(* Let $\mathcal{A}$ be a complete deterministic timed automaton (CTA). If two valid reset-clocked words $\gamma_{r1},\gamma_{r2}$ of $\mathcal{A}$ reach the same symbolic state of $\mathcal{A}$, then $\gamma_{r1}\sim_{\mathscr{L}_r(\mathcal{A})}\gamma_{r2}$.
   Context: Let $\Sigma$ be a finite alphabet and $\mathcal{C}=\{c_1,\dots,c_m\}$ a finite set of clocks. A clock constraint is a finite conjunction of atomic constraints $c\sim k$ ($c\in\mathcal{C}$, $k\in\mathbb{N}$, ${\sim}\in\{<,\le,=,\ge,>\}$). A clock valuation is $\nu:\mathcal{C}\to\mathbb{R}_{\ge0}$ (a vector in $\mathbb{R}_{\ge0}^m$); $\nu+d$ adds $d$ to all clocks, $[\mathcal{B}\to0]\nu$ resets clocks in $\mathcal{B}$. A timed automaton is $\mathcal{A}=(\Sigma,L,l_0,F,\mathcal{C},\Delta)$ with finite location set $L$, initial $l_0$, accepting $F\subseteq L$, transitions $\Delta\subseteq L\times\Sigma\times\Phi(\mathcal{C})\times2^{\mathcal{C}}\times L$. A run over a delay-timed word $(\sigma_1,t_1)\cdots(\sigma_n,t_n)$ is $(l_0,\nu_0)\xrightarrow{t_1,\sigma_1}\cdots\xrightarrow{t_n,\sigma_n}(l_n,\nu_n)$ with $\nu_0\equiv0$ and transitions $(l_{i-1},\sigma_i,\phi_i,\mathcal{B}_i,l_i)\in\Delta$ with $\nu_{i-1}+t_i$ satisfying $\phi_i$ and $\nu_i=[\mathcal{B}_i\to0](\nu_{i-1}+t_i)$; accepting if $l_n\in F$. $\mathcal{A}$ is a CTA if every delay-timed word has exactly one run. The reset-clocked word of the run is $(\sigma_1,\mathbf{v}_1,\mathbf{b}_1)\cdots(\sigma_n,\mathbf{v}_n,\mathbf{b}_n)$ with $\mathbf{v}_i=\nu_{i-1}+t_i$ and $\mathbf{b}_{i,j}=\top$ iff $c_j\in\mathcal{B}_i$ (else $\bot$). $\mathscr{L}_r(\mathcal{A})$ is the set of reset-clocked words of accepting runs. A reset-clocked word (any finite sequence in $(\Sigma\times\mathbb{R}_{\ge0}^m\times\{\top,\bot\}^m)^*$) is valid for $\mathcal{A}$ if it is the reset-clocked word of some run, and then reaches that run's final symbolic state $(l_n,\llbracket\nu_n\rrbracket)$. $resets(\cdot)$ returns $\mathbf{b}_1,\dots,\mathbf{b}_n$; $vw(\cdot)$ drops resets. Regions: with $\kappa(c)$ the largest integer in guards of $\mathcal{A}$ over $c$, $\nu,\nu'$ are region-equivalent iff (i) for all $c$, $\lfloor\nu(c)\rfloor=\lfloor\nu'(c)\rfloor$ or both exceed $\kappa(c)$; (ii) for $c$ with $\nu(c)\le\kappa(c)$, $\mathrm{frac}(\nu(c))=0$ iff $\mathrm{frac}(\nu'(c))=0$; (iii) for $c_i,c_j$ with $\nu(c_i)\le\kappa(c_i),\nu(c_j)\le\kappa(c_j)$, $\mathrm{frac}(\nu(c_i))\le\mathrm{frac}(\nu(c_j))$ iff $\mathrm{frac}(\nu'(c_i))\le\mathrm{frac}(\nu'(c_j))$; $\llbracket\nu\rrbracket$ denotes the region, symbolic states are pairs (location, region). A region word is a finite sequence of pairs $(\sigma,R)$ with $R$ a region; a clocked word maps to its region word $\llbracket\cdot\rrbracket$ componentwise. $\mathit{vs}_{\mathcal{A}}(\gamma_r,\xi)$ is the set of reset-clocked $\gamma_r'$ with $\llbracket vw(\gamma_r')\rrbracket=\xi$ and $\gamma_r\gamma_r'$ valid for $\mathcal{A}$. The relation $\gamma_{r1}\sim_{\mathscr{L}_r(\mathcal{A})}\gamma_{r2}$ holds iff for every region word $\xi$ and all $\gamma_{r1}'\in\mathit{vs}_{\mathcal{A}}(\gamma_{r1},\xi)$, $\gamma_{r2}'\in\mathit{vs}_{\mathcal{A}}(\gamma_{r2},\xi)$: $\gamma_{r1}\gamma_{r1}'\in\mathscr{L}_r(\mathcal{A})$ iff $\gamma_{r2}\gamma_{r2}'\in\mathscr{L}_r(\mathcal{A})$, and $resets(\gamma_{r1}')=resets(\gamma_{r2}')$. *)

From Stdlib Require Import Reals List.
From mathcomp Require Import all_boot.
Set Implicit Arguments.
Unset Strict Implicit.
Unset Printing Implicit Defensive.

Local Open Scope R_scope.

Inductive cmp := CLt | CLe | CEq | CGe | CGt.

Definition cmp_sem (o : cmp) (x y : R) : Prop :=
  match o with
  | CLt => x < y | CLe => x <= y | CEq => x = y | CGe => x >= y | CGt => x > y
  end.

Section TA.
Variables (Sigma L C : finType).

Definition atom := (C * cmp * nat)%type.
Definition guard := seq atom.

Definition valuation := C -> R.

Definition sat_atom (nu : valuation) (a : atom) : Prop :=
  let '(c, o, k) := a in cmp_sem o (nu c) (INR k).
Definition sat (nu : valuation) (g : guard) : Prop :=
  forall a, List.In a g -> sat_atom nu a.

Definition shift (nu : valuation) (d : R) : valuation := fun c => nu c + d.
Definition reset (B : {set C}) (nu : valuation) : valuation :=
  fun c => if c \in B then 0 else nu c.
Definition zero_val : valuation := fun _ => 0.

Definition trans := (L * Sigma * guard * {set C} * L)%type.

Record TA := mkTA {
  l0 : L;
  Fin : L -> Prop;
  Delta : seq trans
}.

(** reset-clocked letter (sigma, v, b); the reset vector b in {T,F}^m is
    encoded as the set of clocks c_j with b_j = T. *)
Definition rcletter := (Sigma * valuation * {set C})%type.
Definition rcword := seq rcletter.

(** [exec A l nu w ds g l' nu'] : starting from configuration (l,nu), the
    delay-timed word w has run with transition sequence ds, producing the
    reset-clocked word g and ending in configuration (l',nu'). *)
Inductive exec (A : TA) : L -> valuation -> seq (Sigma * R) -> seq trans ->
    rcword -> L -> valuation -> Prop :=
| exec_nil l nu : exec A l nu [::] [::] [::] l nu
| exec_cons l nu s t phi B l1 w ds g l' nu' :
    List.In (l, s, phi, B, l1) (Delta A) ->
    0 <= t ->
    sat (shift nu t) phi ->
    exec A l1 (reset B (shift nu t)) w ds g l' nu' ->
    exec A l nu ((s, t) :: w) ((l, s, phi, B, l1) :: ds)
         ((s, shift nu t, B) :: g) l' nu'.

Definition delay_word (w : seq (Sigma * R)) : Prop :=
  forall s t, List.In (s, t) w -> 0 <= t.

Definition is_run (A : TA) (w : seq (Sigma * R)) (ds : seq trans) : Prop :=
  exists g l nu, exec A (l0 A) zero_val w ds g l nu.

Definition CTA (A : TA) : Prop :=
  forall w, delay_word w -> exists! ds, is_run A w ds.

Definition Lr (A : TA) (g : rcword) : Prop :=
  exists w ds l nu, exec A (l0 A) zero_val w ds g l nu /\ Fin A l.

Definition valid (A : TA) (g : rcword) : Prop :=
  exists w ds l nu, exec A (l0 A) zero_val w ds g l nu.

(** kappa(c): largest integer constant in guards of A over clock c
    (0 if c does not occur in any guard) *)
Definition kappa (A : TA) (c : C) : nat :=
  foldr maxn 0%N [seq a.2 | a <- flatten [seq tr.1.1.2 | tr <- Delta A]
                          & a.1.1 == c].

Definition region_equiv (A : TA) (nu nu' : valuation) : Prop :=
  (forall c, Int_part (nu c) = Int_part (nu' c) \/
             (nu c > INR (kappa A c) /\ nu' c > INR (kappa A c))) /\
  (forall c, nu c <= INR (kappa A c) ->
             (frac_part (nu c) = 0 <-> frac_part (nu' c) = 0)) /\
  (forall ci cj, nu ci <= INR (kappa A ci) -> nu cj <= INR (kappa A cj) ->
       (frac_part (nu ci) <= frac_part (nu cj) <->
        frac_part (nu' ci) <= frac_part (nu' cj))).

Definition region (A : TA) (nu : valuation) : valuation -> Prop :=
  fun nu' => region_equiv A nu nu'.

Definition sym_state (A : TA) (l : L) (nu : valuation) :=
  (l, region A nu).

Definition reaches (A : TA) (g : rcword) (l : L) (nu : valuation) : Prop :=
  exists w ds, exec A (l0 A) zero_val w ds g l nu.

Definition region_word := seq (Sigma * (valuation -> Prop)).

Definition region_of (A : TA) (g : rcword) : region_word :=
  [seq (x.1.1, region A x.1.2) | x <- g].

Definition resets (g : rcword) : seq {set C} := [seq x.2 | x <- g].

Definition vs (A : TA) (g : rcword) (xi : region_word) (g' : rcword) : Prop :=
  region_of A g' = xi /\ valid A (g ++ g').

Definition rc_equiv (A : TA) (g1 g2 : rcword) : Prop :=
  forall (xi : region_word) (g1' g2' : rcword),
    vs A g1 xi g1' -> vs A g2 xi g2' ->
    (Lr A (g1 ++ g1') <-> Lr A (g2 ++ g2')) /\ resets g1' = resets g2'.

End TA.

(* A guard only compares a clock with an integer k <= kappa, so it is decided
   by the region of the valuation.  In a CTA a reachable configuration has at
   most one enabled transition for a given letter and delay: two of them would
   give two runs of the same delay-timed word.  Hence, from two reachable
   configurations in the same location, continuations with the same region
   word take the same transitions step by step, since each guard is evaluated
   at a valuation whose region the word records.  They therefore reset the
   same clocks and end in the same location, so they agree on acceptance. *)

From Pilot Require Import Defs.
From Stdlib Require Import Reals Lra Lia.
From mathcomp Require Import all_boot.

- [What the exercise asks] Within the listing above, extract exactly the lines from the line with "Definition rcletter := (Sigma" to the line with "reset-clocked word g", the two named lines included, and no others.

- [Solution for this task]
Definition rcletter := (Sigma * valuation * {set C})%type.
Definition rcword := seq rcletter.

(** [exec A l nu w ds g l' nu'] : starting from configuration (l,nu), the
    delay-timed word w has run with transition sequence ds, producing the
    reset-clocked word g and ending in configuration (l',nu'). *)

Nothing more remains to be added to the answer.